[The problem] From the entries that follow, reproduce exactly and only the lines from the line with "assert (HL := f_equal" to the line with "symmetry. apply (periodic_from_mul", endpoints included.

[Information given]
Segment Open

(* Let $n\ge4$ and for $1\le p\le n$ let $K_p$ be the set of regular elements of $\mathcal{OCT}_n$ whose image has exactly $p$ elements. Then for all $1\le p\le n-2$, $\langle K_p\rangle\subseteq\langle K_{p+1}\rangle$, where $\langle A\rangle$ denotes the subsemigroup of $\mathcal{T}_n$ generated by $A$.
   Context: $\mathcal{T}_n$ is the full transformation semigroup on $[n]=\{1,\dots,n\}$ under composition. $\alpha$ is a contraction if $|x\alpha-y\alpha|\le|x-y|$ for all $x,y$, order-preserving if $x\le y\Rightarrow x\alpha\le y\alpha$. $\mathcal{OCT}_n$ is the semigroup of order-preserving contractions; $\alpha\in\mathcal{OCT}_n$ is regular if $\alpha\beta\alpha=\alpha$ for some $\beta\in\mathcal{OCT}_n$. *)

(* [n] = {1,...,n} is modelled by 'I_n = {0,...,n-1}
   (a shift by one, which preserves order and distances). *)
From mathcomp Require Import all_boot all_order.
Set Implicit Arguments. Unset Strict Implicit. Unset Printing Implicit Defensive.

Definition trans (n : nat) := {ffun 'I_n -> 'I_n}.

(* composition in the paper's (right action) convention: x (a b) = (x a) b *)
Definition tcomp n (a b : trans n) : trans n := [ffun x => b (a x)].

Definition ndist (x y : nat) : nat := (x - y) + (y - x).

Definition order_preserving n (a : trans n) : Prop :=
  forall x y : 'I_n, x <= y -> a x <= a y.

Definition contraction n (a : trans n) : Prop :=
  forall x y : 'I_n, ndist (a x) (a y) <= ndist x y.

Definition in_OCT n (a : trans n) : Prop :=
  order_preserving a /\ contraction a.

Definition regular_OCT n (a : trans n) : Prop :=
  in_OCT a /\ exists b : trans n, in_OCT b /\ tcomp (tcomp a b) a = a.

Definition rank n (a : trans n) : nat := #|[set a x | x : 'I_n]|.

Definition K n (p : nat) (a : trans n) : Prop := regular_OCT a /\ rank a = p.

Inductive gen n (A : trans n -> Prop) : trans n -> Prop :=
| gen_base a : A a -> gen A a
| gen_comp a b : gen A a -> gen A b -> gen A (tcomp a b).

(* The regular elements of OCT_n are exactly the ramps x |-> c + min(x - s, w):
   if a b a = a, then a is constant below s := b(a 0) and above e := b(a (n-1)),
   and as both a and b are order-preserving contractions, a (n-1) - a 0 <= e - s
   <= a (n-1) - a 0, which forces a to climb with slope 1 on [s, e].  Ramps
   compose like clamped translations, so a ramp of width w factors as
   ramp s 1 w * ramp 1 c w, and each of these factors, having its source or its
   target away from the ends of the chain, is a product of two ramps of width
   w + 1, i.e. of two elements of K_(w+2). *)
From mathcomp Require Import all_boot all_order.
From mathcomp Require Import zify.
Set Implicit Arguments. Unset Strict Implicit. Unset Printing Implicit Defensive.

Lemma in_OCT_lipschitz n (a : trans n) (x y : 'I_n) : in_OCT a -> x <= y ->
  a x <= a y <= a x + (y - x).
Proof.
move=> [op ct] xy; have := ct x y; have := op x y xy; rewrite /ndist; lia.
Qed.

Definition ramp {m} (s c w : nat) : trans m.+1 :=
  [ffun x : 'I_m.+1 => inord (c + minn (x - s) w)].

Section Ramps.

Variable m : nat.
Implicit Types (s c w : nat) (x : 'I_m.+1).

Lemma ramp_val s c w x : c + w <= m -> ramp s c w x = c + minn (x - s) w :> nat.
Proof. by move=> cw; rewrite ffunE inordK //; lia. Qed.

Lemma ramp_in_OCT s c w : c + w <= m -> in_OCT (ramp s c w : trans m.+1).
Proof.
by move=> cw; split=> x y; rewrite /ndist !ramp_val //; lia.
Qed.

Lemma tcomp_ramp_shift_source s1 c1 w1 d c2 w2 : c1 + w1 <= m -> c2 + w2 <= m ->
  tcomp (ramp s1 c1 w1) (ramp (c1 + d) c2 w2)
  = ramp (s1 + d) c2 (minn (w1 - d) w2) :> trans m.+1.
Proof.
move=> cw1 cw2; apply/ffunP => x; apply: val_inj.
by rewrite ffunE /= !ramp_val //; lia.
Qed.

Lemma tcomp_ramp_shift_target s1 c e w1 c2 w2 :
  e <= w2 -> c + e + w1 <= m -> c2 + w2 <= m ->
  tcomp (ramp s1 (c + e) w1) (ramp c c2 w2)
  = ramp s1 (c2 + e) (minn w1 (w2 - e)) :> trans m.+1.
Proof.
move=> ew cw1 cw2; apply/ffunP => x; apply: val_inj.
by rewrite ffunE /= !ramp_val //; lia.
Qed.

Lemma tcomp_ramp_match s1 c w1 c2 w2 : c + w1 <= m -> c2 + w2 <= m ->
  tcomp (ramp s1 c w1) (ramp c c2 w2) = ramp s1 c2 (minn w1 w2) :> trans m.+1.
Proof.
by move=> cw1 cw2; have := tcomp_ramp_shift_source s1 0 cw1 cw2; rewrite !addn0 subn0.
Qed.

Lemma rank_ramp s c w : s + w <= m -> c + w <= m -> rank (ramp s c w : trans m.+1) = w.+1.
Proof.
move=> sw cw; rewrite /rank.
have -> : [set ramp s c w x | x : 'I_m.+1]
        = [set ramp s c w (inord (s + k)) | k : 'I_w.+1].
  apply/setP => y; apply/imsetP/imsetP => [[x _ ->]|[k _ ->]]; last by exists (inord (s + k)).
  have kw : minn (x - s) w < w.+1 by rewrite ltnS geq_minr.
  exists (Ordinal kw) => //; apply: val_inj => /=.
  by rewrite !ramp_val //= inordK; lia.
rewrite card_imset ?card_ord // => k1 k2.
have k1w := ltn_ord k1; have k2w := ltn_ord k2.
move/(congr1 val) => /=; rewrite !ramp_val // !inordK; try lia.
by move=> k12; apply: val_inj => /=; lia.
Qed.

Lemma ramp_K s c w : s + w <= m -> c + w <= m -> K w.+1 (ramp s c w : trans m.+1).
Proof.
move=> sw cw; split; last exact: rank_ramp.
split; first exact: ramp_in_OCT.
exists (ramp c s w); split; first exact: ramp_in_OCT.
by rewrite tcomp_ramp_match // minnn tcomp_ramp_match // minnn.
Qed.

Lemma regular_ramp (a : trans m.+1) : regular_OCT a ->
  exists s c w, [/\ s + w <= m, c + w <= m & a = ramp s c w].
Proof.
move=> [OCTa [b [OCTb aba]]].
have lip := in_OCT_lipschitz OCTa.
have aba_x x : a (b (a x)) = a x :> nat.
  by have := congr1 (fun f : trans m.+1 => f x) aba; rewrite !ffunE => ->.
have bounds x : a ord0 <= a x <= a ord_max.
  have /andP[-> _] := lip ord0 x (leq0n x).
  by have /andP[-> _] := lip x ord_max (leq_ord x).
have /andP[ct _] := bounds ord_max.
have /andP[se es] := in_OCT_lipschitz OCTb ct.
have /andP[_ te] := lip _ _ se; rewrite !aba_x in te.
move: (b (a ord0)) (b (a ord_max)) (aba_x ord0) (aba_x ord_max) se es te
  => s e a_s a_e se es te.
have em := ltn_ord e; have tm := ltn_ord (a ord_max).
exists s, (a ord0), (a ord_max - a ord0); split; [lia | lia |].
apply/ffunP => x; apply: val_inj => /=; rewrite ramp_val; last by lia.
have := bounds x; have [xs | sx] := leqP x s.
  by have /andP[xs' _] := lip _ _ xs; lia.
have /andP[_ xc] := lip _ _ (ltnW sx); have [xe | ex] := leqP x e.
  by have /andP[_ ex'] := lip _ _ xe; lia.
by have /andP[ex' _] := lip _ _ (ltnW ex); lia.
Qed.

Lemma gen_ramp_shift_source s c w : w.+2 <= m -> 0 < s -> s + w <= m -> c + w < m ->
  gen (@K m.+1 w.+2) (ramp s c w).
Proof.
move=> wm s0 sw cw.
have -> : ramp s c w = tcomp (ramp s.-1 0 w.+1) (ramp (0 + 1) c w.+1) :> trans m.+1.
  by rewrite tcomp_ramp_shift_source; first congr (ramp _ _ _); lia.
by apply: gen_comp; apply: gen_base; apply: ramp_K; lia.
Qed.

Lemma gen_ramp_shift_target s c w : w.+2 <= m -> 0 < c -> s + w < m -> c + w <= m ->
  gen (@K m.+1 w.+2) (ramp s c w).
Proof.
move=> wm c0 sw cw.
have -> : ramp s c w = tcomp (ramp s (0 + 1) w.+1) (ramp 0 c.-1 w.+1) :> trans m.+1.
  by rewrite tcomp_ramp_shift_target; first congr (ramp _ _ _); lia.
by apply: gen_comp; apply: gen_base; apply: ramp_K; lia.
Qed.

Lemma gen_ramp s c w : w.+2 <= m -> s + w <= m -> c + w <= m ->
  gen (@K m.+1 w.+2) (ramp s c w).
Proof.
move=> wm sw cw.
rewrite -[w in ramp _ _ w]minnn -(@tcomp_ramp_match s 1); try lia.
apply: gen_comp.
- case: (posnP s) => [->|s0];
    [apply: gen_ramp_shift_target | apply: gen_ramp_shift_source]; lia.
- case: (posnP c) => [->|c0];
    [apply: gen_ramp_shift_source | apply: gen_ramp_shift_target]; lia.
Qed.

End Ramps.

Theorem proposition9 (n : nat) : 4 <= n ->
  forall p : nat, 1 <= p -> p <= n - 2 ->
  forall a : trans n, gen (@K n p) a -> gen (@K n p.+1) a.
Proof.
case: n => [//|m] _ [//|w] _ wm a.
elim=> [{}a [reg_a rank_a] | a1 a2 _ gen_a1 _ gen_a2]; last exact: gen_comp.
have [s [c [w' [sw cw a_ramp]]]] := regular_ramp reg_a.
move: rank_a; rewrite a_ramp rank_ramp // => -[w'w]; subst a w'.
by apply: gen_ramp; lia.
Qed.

Segment Closed
Segment Open

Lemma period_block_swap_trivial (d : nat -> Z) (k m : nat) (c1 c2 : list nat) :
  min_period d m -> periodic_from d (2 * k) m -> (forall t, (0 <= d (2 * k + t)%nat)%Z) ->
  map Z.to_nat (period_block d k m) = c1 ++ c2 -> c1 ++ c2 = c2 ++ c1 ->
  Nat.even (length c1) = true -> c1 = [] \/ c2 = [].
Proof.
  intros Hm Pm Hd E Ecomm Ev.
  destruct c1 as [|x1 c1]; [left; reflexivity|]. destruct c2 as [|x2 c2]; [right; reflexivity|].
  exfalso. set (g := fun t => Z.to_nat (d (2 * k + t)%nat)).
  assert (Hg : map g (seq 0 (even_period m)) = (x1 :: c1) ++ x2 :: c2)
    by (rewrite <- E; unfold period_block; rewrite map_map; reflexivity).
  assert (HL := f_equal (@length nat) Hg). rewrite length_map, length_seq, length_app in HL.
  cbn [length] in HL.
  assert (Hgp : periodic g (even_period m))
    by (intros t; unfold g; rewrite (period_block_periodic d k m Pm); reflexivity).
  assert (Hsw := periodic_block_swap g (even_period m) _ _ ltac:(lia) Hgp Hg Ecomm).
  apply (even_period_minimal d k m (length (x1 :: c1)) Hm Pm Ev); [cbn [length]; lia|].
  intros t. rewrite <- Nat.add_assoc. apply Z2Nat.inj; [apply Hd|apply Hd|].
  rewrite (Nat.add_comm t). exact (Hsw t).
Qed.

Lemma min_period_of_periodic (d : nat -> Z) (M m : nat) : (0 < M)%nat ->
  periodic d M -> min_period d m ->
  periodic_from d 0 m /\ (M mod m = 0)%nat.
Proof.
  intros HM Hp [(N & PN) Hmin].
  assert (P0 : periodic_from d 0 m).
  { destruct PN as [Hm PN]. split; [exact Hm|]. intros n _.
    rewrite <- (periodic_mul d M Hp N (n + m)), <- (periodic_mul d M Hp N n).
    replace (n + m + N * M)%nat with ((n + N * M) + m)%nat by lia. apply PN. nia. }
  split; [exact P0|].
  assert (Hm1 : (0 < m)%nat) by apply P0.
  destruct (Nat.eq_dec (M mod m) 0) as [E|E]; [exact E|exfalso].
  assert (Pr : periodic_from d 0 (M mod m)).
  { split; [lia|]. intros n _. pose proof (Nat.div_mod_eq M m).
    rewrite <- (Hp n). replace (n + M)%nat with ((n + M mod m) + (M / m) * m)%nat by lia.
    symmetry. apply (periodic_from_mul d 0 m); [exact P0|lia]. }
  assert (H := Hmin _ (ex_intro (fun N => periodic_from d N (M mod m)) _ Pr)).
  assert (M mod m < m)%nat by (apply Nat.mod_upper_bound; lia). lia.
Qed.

Segment Closed

[Answer to this exercise]
  assert (HL := f_equal (@length nat) Hg). rewrite length_map, length_seq, length_app in HL.
  cbn [length] in HL.
  assert (Hgp : periodic g (even_period m))
    by (intros t; unfold g; rewrite (period_block_periodic d k m Pm); reflexivity).
  assert (Hsw := periodic_block_swap g (even_period m) _ _ ltac:(lia) Hgp Hg Ecomm).
  apply (even_period_minimal d k m (length (x1 :: c1)) Hm Pm Ev); [cbn [length]; lia|].
  intros t. rewrite <- Nat.add_assoc. apply Z2Nat.inj; [apply Hd|apply Hd|].
  rewrite (Nat.add_comm t). exact (Hsw t).
Qed.

Lemma min_period_of_periodic (d : nat -> Z) (M m : nat) : (0 < M)%nat ->
  periodic d M -> min_period d m ->
  periodic_from d 0 m /\ (M mod m = 0)%nat.
Proof.
  intros HM Hp [(N & PN) Hmin].
  assert (P0 : periodic_from d 0 m).
  { destruct PN as [Hm PN]. split; [exact Hm|]. intros n _.
    rewrite <- (periodic_mul d M Hp N (n + m)), <- (periodic_mul d M Hp N n).
    replace (n + m + N * M)%nat with ((n + N * M) + m)%nat by lia. apply PN. nia. }
  split; [exact P0|].
  assert (Hm1 : (0 < m)%nat) by apply P0.
  destruct (Nat.eq_dec (M mod m) 0) as [E|E]; [exact E|exfalso].
  assert (Pr : periodic_from d 0 (M mod m)).
  { split; [lia|]. intros n _. pose proof (Nat.div_mod_eq M m).
    rewrite <- (Hp n). replace (n + M)%nat with ((n + M mod m) + (M / m) * m)%nat by lia.
    symmetry. apply (periodic_from_mul d 0 m); [exact P0|lia]. }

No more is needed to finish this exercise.